- [Provided information]
Definition perfect_matching (M : {set {set T}}) : Prop :=
  partition M [set: T] /\ forall E, E \in M -> is_edge E.

End Graphs.

(* An edge meets an independent set at most once, so along a perfect matching M
   every independent set has at most #|M| = n/2 vertices, with equality exactly
   when it meets every edge of M.  Hence a perfect matching of strong edges makes
   G very well-covered, and in a very well-covered graph every edge of every
   perfect matching is strong.  In a triangle-free graph without isolated
   vertices the strong cliques are exactly the strong edges, so localizability
   means having a perfect matching of strong edges.  Finally, a very
   well-covered graph has a perfect matching by Hall's theorem: in a
   well-covered graph without isolated vertices #|N(S)| >= #|S| for every
   independent S, so a maximal independent set, of size n/2, is matched into
   its complement. *)

From mathcomp Require Import all_boot zify.
Set Implicit Arguments. Unset Strict Implicit. Unset Printing Implicit Defensive.

Section Hall.
Variable T : finType.
Implicit Types (A : T -> {set T}) (D J K : {set T}) (f g h : T -> T).

Definition hall_condition A D :=
  forall J, J \subset D -> #|J| <= #|\bigcup_(i in J) A i|.

Definition distinct_representatives A D f :=
  {in D &, injective f} /\ {in D, forall i, f i \in A i}.

Lemma bigcup_setD A K X :
  \bigcup_(i in K) (A i :\: X) = (\bigcup_(i in K) A i) :\: X.
Proof.
apply/setP=> y; rewrite inE; apply/bigcupP/andP => [[i iK] | [yX /bigcupP[i iK yA]]].
  by rewrite inE => /andP[yX yA]; split=> //; apply/bigcupP; exists i.
by exists i; rewrite // inE yX.
Qed.

Lemma hall_conditionS A D J : J \subset D -> hall_condition A D -> hall_condition A J.
Proof. by move=> JD hD K KJ; apply: hD; apply: subset_trans JD. Qed.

- [Activity] Please filter the entries for the word "edges" and copy the lines that have it.

- [Answer for the task]
   when it meets every edge of M.  Hence a perfect matching of strong edges makes
   vertices the strong cliques are exactly the strong edges, so localizability
   means having a perfect matching of strong edges.  Finally, a very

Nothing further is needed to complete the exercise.